Mumcu öldürüldüğünde medyanın peşine takılarak dindarları suçladıklarını vurgulayan Sol Güçbirliğinden özeleştiri.

Uğur Mumcu öldürüldüğünde medyanın peşine takılarak dindarları suçladıklarını vurgulayan Sol Güçbirliği Kurulu Genel Başkanı Prof. Dr. Tahir Hatipoğlu, “Medya Mumcu öldürüldüğünde dezenformasyon yağmuruna başladı. Aynı tetikçi Alparslan Arslan’ın Danıştay baskını sonrası yapılan haberler gibi dindar kesim suçlandı. Biz de maalesef onların peşine takıldık. Bu olayların derin devletin eserleri olduğunu görüyorum” dedi.

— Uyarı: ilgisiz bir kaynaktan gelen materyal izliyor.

(* Under the hypotheses and notation of the following setting: $\mathcal{M}$ is a reversible, ergodic Markov chain on finite $\Omega$, $N=|\Omega|$, transition matrix $P$, stationary distribution $\pi$, eigenvalues $1=\lambda_0>\lambda_1\geq\cdots\geq\lambda_{N-1}\geq-1$, underlying graph $\mathcal{G}=(\Omega,\Gamma)$ with $\{x,y\}\in\Gamma$ iff $P(x,y)>0$, $Q(x,y)=\pi(x)P(x,y)$, and $\Sigma=\{\sigma_x:x\in\Omega\}$ a choice of cycles $\sigma_x$ in $\mathcal{G}$ from $x$ to $x$ of odd length $|\sigma_x|$. Define \[ \eta'(\Sigma)=\max_{e\in\Gamma}\frac{1}{Q(e)}\sum_{x\in\Omega:\,e\in\sigma_x}\pi(x),\qquad \ell(\Sigma)=\max_{x\in\Omega}|\sigma_x|. \] Then $(1+\lambda_{N-1})^{-1}\leq \eta'(\Sigma)\,\ell(\Sigma)/2$. In particular, if $\ell(\Sigma)=1$ (so every $\sigma_x$ is a self-loop, i.e. $P(x,x)>0$ for all $x$), then $(1+\lambda_{N-1})^{-1}\leq \tfrac12\max_{x\in\Omega}P(x,x)^{-1}$.
   Context: A 1-cycle is a walk along a self-loop edge $\{x,x\}$, present when $P(x,x)>0$. *)

From HB Require Import structures.
From mathcomp Require Import all_boot all_order all_algebra.
Set Implicit Arguments. Unset Strict Implicit. Unset Printing Implicit Defensive.
Import Order.TTheory GRing.Theory Num.Theory.
Local Open Scope ring_scope.

Section Chain.
Variables (R : rcfType) (N : nat).
Implicit Types (P : 'M[R]_N) (pi : 'I_N -> R).

Definition stochastic P : Prop :=
  (forall x y, 0 <= P x y) /\ (forall x, \sum_y P x y = 1).

Definition adj P : rel 'I_N := fun x y => 0 < P x y.

Definition irreducible P : Prop := forall x y, connect (adj P) x y.

Definition aperiodic P : Prop :=
  forall (x : 'I_N) (d : nat),
    (forall t : nat, (0 < t)%N -> 0 < (P ^+ t) x x -> (d %| t)%N) -> d = 1%N.

Definition ergodic P : Prop := irreducible P /\ aperiodic P.

Definition stationary P pi : Prop :=
  (forall x, 0 <= pi x) /\ (\sum_x pi x = 1) /\
  (forall y, \sum_x pi x * P x y = pi y).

ASLAN DEĞİRMENCİ'nin haberi:

19 Yıl önce bugün bombalı suikast sonucu yaşamını yitiren Gazeteci-Yazar Uğur Mumcu, çeşitli etkinliklerle anılırken, saldırının ardından dindarları suçlayan açıklamalara imza atan dönemin Sol Güçbirliği Kurulu Genel Başkanı Prof. Dr. Tahir Hatipoğlu, ‘Milat’a özeleştiri yaptı.

Medya bizi yanılttı

Ahmet Taner Kışlalı, Bahriye Üçok, Necip Hablemitoğlu ve Uğur Mumcu öldürüldüğünde medyanın peşine takılarak dindarları suçladıklarını vurgulayan Prof. Dr. Hatipoğlu, “Medya Mumcu öldürüldüğünde dezenformasyon yağmuruna başladı. Aynı tetikçi Alparslan Arslan’ın Danıştay baskını sonrası yapılan haberler gibi dindar kesim suçlandı. Biz de maalesef onların peşine takıldık” dedi.

Şimdi yüzleşme zamanı

“Bugün süreci analiz ettiğimde Ahmet Taner Kışlalı, Bahriye Üçok, Necip Hablemitoğlu ve Uğur Mumcu suikastı ile Sivas Madımak Oteli katliamı, Maraş olayları, Gazi Mahallesi gibi olayların derin devletin eserleri olduğunu görüyorum” diyen Hatipoğlu, sözlerini şu şekilde sürdürdü: “Ergenekon gibi yapılar tankların Sincan’dan çıkması için bu eylemleri ortaya koymuş, medya bizleri kandırmış, darbeye giden yollar sonuna kadar açılmış. Biz itiraf edip, süreç ile yüzleşmek zorundayız. Yeni karanlık operasyonları böylece önlemiş oluruz. Eski alışkanlıklarımızı bir kenara bırakarak, kolaycılığa kaçarak İslamcıları suçlamaktan vazgeçmeliyiz. Devlet içinde çıkar mücadelesi veren karanlık yapıların oyunlarını bozmalıyız.”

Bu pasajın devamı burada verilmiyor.